Is it more related to the opportunity and the unmet need, or what effect size you can have? Just how do all of these things play out when you select your next indication?

So just to think about the notion that I think is so exciting about ataluren is that not only is it a product but it's a product within a pipeline that you can choose multiple indications. Cystic fibrosis and Duchenne muscular dystrophy were the first, but over the last three to four years now there has been over 20 publications demonstrating ataluren's activity in nonsense mutation model systems both in cell-based and animal models in different organ systems.

So I think that there is now a fair amount of preclinical data in multiple therapeutic areas for us to consider from that point of view. And then from a clinical point of view, obviously what we are thinking about is what is the fastest way to show proof of concept. What we would like is something where there's a biomarker that can be determined where you could see changes relatively rapidly in that we know the biomarkers there's some understanding of it, some of the outcome measures that from a point of view that it would be stable, that it would be stable in terms of so that you would be able to get a robust answer quickly and in as few patients as possible that would then let you go on to do perhaps more subsequent work.

So clearly what we've talked about we are on the path now of finalizing that decision and trying to get that movement as rapidly as possible and certainly many of the metabolic or lysosomal disorders like MPS1 would be quite interesting. There's tremendous data in aniridia and choroideremia that would be, that was nice, as well.

That probably would take a little longer because one could consider doing it without drugs. I think there was in our investor deck, which can be found on our website a number of examples of diseases that we are finalizing the signing on. And then from there we would anticipate disclosing that we have started a trial.

Okay. Thanks a lot.

(Operator Instructions). Christopher Marai, Wedbush.

Hi, thanks for taking my question. This is Nate Davis in for Chris Marai.

I was just wondering giving the recent SMA data we saw and the natural history data they presented, there's a pretty good correlation with SMN proteins and how are you thinking about potential surrogate endpoints and the risk-benefit there? I know you are doing your ongoing biomarker study, just if you could give me some insight into how you're thinking about that?

Obviously we are doing this with Roche and the SMA Foundation. That hasn't been disclosed exactly what would be looked at.

But I think what we have disclosed and discussed and again with such an advantage of having an orally bioavailable molecule that actually disperses to all tissues. And where we have shown that for instance in the blood you can see increases of appropriately spliced SMN protein as well as SMN protein being made.

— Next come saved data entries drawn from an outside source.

Lemma compact_gt0_lbound (T : topologicalType) (A : set T) (g : T -> R) :
  compact A -> continuous g -> (forall t, A t -> 0 < g t) ->
  exists2 c, 0 < c & forall t, A t -> c <= g t.
Proof.
move=> cA g_cont g_gt0; have [[t0 At0]|A0] := pselect (A !=set0).
  have [t /[!inE] At t_min] := compact_EVT_min (ex_intro _ _ At0) cA
    (continuous_subspaceT g_cont).
  by exists (g t); [exact: g_gt0|move=> u Au; apply: t_min; rewrite inE].
by exists 1 => // t At; case: A0; exists t.
Qed.

Lemma compact_zero_set (T : topologicalType) (g : T -> R) :
  compact [set: T] -> continuous g -> compact [set t | g t = 0].
Proof.
move=> cT g_cont; apply: (subclosed_compact _ cT) => //.
exact: preimage_closed (fun t _ => g_cont t) (@closed_eq _ 0).
Qed.

Lemma continuous_dotvl (T : topologicalType) (d : T -> 'rV[R]_p) v :
  continuous d -> continuous (fun t => dotv (d t) v).
Proof.
move=> d_cont; apply: continuous_big; first exact: add_continuous.
move=> i _ t; apply: cvgM; last exact: cvg_cst.
exact: continuous_comp (d_cont t) (@coord_continuous _ _ _ ord0 i (d t)).
Qed.

Lemma near0_right_shift_in x v (O : set 'rV[R]_p) :
  open O -> O x -> \forall s \near 0^'+, O (x + s *: v).
Proof.
move=> O_open Ox.
suff shift_cvg : (fun s : R => x + s *: v) @ 0^'+ --> x + 0 *: v.
  by apply: shift_cvg; rewrite scale0r addr0; exact: open_nbhs_nbhs.
apply: cvg_at_right_filter; apply: cvgD; first exact: cvg_cst.
by apply: cvgZr_tmp; exact: cvg_id.
Qed.

Lemma near0_right_ascent (f : 'rV[R]_p -> R) x d v :
  gateaux_diff f x d -> 0 < dotv d v -> \forall s \near 0^'+, f x < f (x + s *: v).
Proof.
move=> f_diff dv_gt0; near=> s.
have s_gt0 : 0 < s by near: s; exact: nbhs_right_gt.
have : 0 < (f (x + s *: v) - f x) / s.
  by near: s; exact: cvgr_gt _ (f_diff v) _ dv_gt0.
by rewrite pmulr_lgt0 ?invr_gt0 // subr_gt0.
Unshelve. all: by end_near.
Qed.
Lemma sum_pminor_coef_det r (N : 'M[F]_n) : (r <= n)%N ->
  \sum_(S : {set 'I_n} | #|S| == r) pminor N S =
  (\det ('X%:M + map_mx polyC N))`_(n - r).
Proof.
move=> le_rn.
transitivity (\sum_(S : {set 'I_n} | (#|S| == r) && predT S) pminor N S).
  by apply: eq_bigl => S; rewrite andbT.
rewrite -(coef_sum_pminor N predT le_rn) addrC -diag_const_mx det_add_diag.
apply: (congr1 (fun p : {poly F} => p`_(n - r))); apply: eq_bigr => S _.
rewrite det_principal_ext_polyC (eq_bigr (fun=> 'X)) ?prodr_const // => l _.
by rewrite mxE.
Qed.

Lemma sum_pminor_col_replace r (N : 'M[F]_n) i j : (r <= n)%N ->
  \sum_(S : {set 'I_n} | (#|S| == r) && (i \in S))
    pminor (col_replace N i (col j N)) S =
  ((\adj ('X%:M + map_mx polyC N) *m map_mx polyC N) i j)`_(n - r).
Proof.
move=> le_rn; set C := col_replace N i (col j N); set Np := map_mx polyC N.
have -> : (\adj ('X%:M + Np) *m Np) i j = (\adj ('X%:M + Np) *m col j Np) i 0.
  by rewrite !mxE; apply: eq_bigr => l _; rewrite !mxE.
rewrite -det_replace_col.
set d := \row_l (if l == i then 0 else 'X : {poly F}).
have -> : \matrix_(p, q) (if q == i then col j Np p 0 else ('X%:M + Np) p q) =
    map_mx polyC C + diag_mx d.
  apply/matrixP => p q; rewrite !mxE.
  have [->|qi] := eqVneq q i; first by case: (p == i); rewrite ?mulr0n addr0.
  by rewrite addrC; case: eqP => [->|_]; rewrite ?(negbTE qi) ?mulr0n.
have /= <- := coef_sum_pminor C (fun S => i \in S) le_rn; rewrite det_add_diag.
apply: (congr1 (fun p : {poly F} => p`_(n - r))); apply: eq_bigr => S _.
rewrite det_principal_ext_polyC; congr (_ * _).
have [iS|iNS] := boolP (i \in S); last first.
  by rewrite (bigD1 i) ?inE //= mxE eqxx mul0r.
rewrite -prodr_const; apply: eq_bigr => l; rewrite inE mxE.
by case: eqP => [->|]; rewrite ?iS.
Qed.
End PminorCoef.

Lemma adj_mulmx_mul_left (R : idomainType) n (V W : 'M[R]_n) :
  \det W != 0 -> \adj (V *m W) *m V = \det V *: \adj W.
Proof.
move=> detW_neq0; set D := \adj (V *m W) *m V - \det V *: \adj W.
have DW0 : D *m W = 0.
  rewrite mulmxBl -mulmxA -scalemxAl !mul_adj_mx det_mulmx.
  by rewrite scale_scalar_mx subrr.
have : \det W *: D = 0.
  by rewrite -mul_mx_scalar -(mul_mx_adj W) mulmxA DW0 mul0mx.
by move/eqP; rewrite scalemx_eq0 (negbTE detW_neq0) /= subr_eq0 => /eqP.
Qed.

Lemma det_pencil_dvdX (F : fieldType) n (N : 'M[F]_n) :
  exists q, \det ((1 - 'X) *: map_mx polyC N + 'X%:M) = 'X^(n - \rank N) * q.
Proof.
have le_rn : (\rank N <= n)%N by apply: rank_leq_row.
exists (\sum_(S : {set 'I_n}) if (#|S| <= \rank N)%N then
   'X^(\rank N - #|S|) * ((1 - 'X) ^+ #|S| * (pminor N S)%:P) else 0).
rewrite -diag_const_mx det_add_diag mulr_sumr; apply: eq_bigr => S _.
rewrite (eq_bigr (fun=> 'X)) => [|l _]; last by rewrite mxE.
rewrite prodr_const det_principal_extZ det_principal_ext_polyC.
have := cardsC S; rewrite card_ord => cardSC.
case: leqP => [le_Sr|lt_rS]; last first.
  by rewrite pminor_eq0_rank_lt // polyC0 !mulr0.
by rewrite [RHS]mulrA -exprD; congr (_ ^+ _ * _); lia.
Qed.

Section IdempotentAlgebra.
Variables (K : comNzRingType) (A : algType K) (Q B : A).
Hypothesis QQ : Q * Q = Q.

Lemma idem_complQ : (1 - Q) * Q = 0.
Proof. by rewrite mulrBl mul1r QQ subrr. Qed.

Lemma idem_Qcompl : Q * (1 - Q) = 0.
Proof. by rewrite mulrBr mulr1 QQ subrr. Qed.

Lemma idem_compl : (1 - Q) * (1 - Q) = 1 - Q.
Proof. by rewrite mulrBr mulr1 idem_complQ subr0. Qed.

Lemma pencil_mul_compl (x : K) : (Q + x *: (1 - Q)) * ((1 - Q) + x *: Q) = x%:A.
Proof.
rewrite mulrDl -scalerAl (mulrDr Q (1 - Q)) (mulrDr (1 - Q) (1 - Q)) -!scalerAr.
rewrite QQ idem_Qcompl idem_complQ idem_compl.
by rewrite !scaler0 addr0 add0r -scalerDr [Q + _]addrC subrK.
Qed.

Lemma pencil_mul_idem (x : K) : (Q + x *: (1 - Q)) * Q = Q.
Proof. by rewrite mulrDl -scalerAl QQ idem_complQ scaler0 addr0. Qed.

Hypotheses (QB : Q * B = B) (BQ : B * Q = B).

Lemma pencil_factor (x : K) :
  (Q + x *: (1 - Q)) * (x *: Q + B + (1 - Q)) = x%:A + B.
Proof.
have complB : (1 - Q) * B = 0 by rewrite mulrBl mul1r QB subrr.
rewrite mulrDl -scalerAl (mulrDr Q (x *: Q + B)) (mulrDr Q (x *: Q)).
rewrite (mulrDr (1 - Q) (x *: Q + B)) (mulrDr (1 - Q) (x *: Q)) -!scalerAr.
rewrite QQ QB idem_Qcompl idem_complQ complB idem_compl.
rewrite scaler0 !addr0 add0r -addrA [B + _]addrC addrA -scalerDr.
by rewrite [Q + _]addrC subrK.
Qed.

Lemma add_idem_compl_mulr_inv (Y : A) : B * Y = Q -> Y * Q = Q * Y ->
  (B + (1 - Q)) * (Y * Q + (1 - Q)) = 1.
Proof.
move=> BY YQ.
have BC : B * (1 - Q) = 0 by rewrite mulrBr mulr1 BQ subrr.
have CYQ : (1 - Q) * (Y * Q) = 0.
  by rewrite mulrBl mul1r mulrA -YQ -mulrA QQ subrr.
rewrite mulrDl (mulrDr B) (mulrDr (1 - Q)) mulrA BY QQ BC CYQ idem_compl.
by rewrite addr0 add0r [Q + _]addrC subrK.
Qed.
End IdempotentAlgebra.

Section IdempotentPencil.
Variables (F : fieldType) (n : nat) (P B : 'M[F]_n.+1).
Hypotheses (PP : P * P = P) (PB : P * B = B) (BP : B * P = B).

Local Notation Pp := (map_mx polyC P).
Local Notation Bp := (map_mx polyC B).
Local Notation V := (Pp + 'X *: (1 - Pp)).
Local Notation W := ('X *: Pp + Bp + (1 - Pp)).
Local Notation M := ('X%:M + Bp).

Let PPp : Pp * Pp = Pp. Proof. by rewrite -rmorphM PP. Qed.

Lemma rank_idem_compl : (\rank (1 - P)%R <= n.+1 - \rank P)%N.
Proof.
have : (P <= kermx (1 - P))%MS by apply/sub_kermxP; rewrite mulmxE idem_Qcompl.
by move/mxrankS; rewrite mxrank_ker; have := rank_leq_row (1 - P); lia.
Qed.

Lemma det_idem_pencil :
  exists2 q, \det V = 'X^(n.+1 - \rank P) * q & q`_0 != 0.
Proof.
have pencilE (N : 'M[F]_n.+1) : map_mx polyC N + 'X *: (1 - map_mx polyC N) =
    (1 - 'X) *: map_mx polyC N + 'X%:M.
  by rewrite scalerBr scalerBl scale1r -scalemx1 addrA addrAC.
have [q1 detV] := det_pencil_dvdX P; rewrite -pencilE in detV.
have [q2 detVc] := det_pencil_dvdX (1 - P).
rewrite -pencilE rmorphB rmorph1 subKr in detVc.
exists q1 => //.
(* det V * det (1 - Pp + 'X *: Pp) = 'X^(n+1), and the second factor is
   divisible by 'X^r since rank (1 - P) <= n + 1 - r: so q1`_0 != 0. *)
have := congr1 determinant (pencil_mul_compl PPp 'X).
rewrite detM detVc detV detZ det1 mulr1 => detVVc.
set r := \rank P in detV detVVc *.
set e := (n.+1 - \rank (1 - P)%R)%N in detVVc.
have le_re : (r <= e)%N.
  by have := rank_idem_compl; have := rank_leq_row P; rewrite /e /r; lia.
have : 'X^(n.+1) * (q1 * ('X^(e - r) * q2)) = 'X^(n.+1) * 1.
  have Xe : 'X^e = 'X^r * 'X^(e - r) :> {poly F} by rewrite -exprD subnKC.
  have Xn : 'X^(n.+1) = 'X^(n.+1 - r) * 'X^r :> {poly F}.
    by rewrite -exprD subnK ?rank_leq_row.
  by rewrite mulr1 -[in RHS]detVVc Xe Xn; ring.
move/mulfI => /(_ (expf_neq0 _ (negbT (polyX_eq0 _)))) /(congr1 (coefp 0)) /=.
rewrite coef0M coef1 => /eqP; apply: contraTneq => ->.
by rewrite mul0r eq_sym oner_eq0.
Qed.
(* Let $\widehat{V}_2(\mathbf{A};\mathbf{Y}) = \frac{\hat\sigma^2}{n}\Big[1+\frac1n\sum_{i=1}^n\sum_{j=1}^n\mathbf{A}_{ij}\Big]$. Under the asymptotic scaling assumption and the homoskedasticity assumption $\mathrm{var}(X_i)=\mathrm{var}(X_j)$ for all $i,j\in\mathcal{V}$, for every $\epsilon>0$, \[\lim_{n\to\infty}\Pr\big(n\,\mathrm{var}(\overline{X}) - n\widehat{V}_2(\mathbf{A}^\circ;\mathbf{Y})>\epsilon\big)=0.\]
   Context: Setting: $\mathcal{G}=(\mathcal{V},\mathcal{E})$ is a simple undirected graph with a real random variable $X_i$ attached to each vertex $i$. $\mathcal{G}$ is a dependency graph: for all disjoint $\mathcal{V}_1,\mathcal{V}_2\subset\mathcal{V}$ such that no edge of $\mathcal{E}$ joins a vertex of $\mathcal{V}_1$ to a vertex of $\mathcal{V}_2$, $\{X_i:i\in\mathcal{V}_1\}$ is independent of $\{X_j:j\in\mathcal{V}_2\}$. A subset $\mathcal{V}_S\subseteq\mathcal{V}$ with $|\mathcal{V}_S|=n$ is observed, labeled $1,\dots,n$. $\mathcal{G}_S=(\mathcal{V}_S,\mathcal{E}_S)$ is the induced subgraph on $\mathcal{V}_S$, with $n\times n$ adjacency matrix $\mathbf{A}^\circ$ (0-1, symmetric, zero diagonal). $\mathcal{G}_R=(\mathcal{V}_S,\mathcal{E}_R)$ is a subgraph with $\mathcal{E}_R\subseteq\mathcal{E}_S$; $d_i$ is the degree of $i\in\mathcal{V}_S$ in $\mathcal{G}$; $\mathbf{Y}=((X_1,\dots,X_n),(d_1,\dots,d_n),\mathcal{G}_R)$. Let $\mu=\frac1n\sum_{i=1}^n \mathrm{E}[X_i]$, $\overline{X}=\frac1n\sum_i X_i$, $\hat\sigma^2=\frac1n\sum_i(X_i-\overline{X})^2$. Asymptotic scaling assumption: a sequence, indexed by $n\to\infty$, of such settings (nested graphs with $|\mathcal{V}|=N_n\ge n$, $|\mathcal{V}_S|=n$), with finite positive constants $c_1,c_2,c_3$ independent of $n$ such that: $\Pr(|X_i-\mu|>c_1)=0$ for all $i\in\mathcal{V}_S$; $\sum_{j}\mathbf{A}^\circ_{ij}\le c_2$ for all $i\in\mathcal{V}_S$; and $\lim_{n\to\infty} n\,\mathrm{var}(\overline{X})=c_3$. *)

From HB Require Import structures.
From mathcomp Require Import all_boot all_order all_algebra.
From mathcomp Require Import all_classical all_reals all_analysis.
Set Implicit Arguments. Unset Strict Implicit. Unset Printing Implicit Defensive.
Import Order.TTheory GRing.Theory Num.Theory.
Import numFieldNormedType.Exports.
Local Open Scope classical_set_scope.
Local Open Scope ring_scope.

(* The n observed vertices V_S are labelled 1..n (here
   0..n-1) through an injective labelling lab : 'I_n -> nat. *)

Definition gen_sigma d (T : measurableType d) (R : realType)
  (X : nat -> T -> R) (V : set nat) : set (set T) :=
  <<s [set A | exists i (C : set R), [/\ V i, measurable C & A = X i @^-1` C]] >>.

Definition indep_fam d (T : measurableType d) (R : realType)
  (P : probability T R) (X : nat -> T -> R) (V1 V2 : set nat) : Prop :=
  forall A B, gen_sigma X V1 A -> gen_sigma X V2 B ->
    P (A `&` B) = (P A * P B)%E.

Definition simple_graph (V : set nat) (E : rel nat) : Prop :=
  [/\ forall i j, E i j -> E j i, forall i, ~~ E i i &
      forall i j, E i j -> V i /\ V j].

Definition dependency_graph d (T : measurableType d) (R : realType)
  (P : probability T R) (X : nat -> T -> R) (V : set nat) (E : rel nat) : Prop :=
  forall V1 V2 : set nat, V1 `<=` V -> V2 `<=` V -> V1 `&` V2 = set0 ->
    (forall i j, V1 i -> V2 j -> ~~ E i j) -> indep_fam P X V1 V2.

Definition adjmx (R : realType) (n : nat) (E : rel nat) (lab : 'I_n -> nat)
  : 'M[R]_n := \matrix_(i, j) (E (lab i) (lab j))%:R.

Definition mean_mu d (T : measurableType d) (R : realType) (P : probability T R)
  (n : nat) (X : nat -> T -> R) (lab : 'I_n -> nat) : R :=
  n%:R^-1 * \sum_(i < n) fine ('E_P[X (lab i)]).

Definition Xbar d (T : measurableType d) (R : realType)
  (n : nat) (X : nat -> T -> R) (lab : 'I_n -> nat) : T -> R :=
  fun w => n%:R^-1 * \sum_(i < n) X (lab i) w.
Arguments Xbar {d T R} n X lab.

Definition sigma2_hat d (T : measurableType d) (R : realType)
  (n : nat) (X : nat -> T -> R) (lab : 'I_n -> nat) : T -> R :=
  fun w => n%:R^-1 * \sum_(i < n) (X (lab i) w - Xbar n X lab w) ^+ 2.
Arguments sigma2_hat {d T R} n X lab.

Definition V2_hat d (T : measurableType d) (R : realType)
  (n : nat) (X : nat -> T -> R) (lab : 'I_n -> nat) (A : 'M[R]_n) : T -> R :=
  fun w => sigma2_hat n X lab w / n%:R *
           (1 + n%:R^-1 * \sum_(i < n) \sum_(j < n) A i j).
Arguments V2_hat {d T R} n X lab A.
Arguments adjmx R n E lab.
Arguments mean_mu {d T R} P n X lab.

From HB Require Import structures.
From mathcomp Require Import all_boot all_order all_algebra.
From mathcomp Require Import all_classical all_reals all_analysis.
From mathcomp Require Import measurable_realfun zify ring lra.
Set Implicit Arguments. Unset Strict Implicit. Unset Printing Implicit Defensive.
Import Order.TTheory GRing.Theory Num.Theory.
Import numFieldNormedType.Exports.
Local Open Scope classical_set_scope.
Local Open Scope ring_scope.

So you can see it both in the transcript of the RNA by looking at blood or in animal skin. That really is a major advantage in the sense that you can quickly look at its effect on in the periphery, so that gives you a real biomarker advantage.

So, as you mentioned, there's -- and that's really being looked at within some natural history studies where we are looking at blood as a biomarker for looking at SMN levels of both protein and transcripts. So we will have an understanding of how that varies at different stages of the disease. So it's exciting to have that potential.

Great. Thanks for taking my question.

Thank you, there are no further questions at this time. I would like to turn the call over to Stuart for any closing remarks.

Thank you, operator, and thanks guys for the questions. I think that 2014 for us is off to a strong start. We are executing on our clinical programs and strategy, focused on building a leading company on rare and neglected disorders.

We look forward to communicating with all of you as we achieve our future milestones. Thanks again for your interest and for joining the call today. Thanks, guys.

Ladies and gentlemen, thank you for your participation in today's conference. This concludes the program.

You may now disconnect. Have a wonderful day.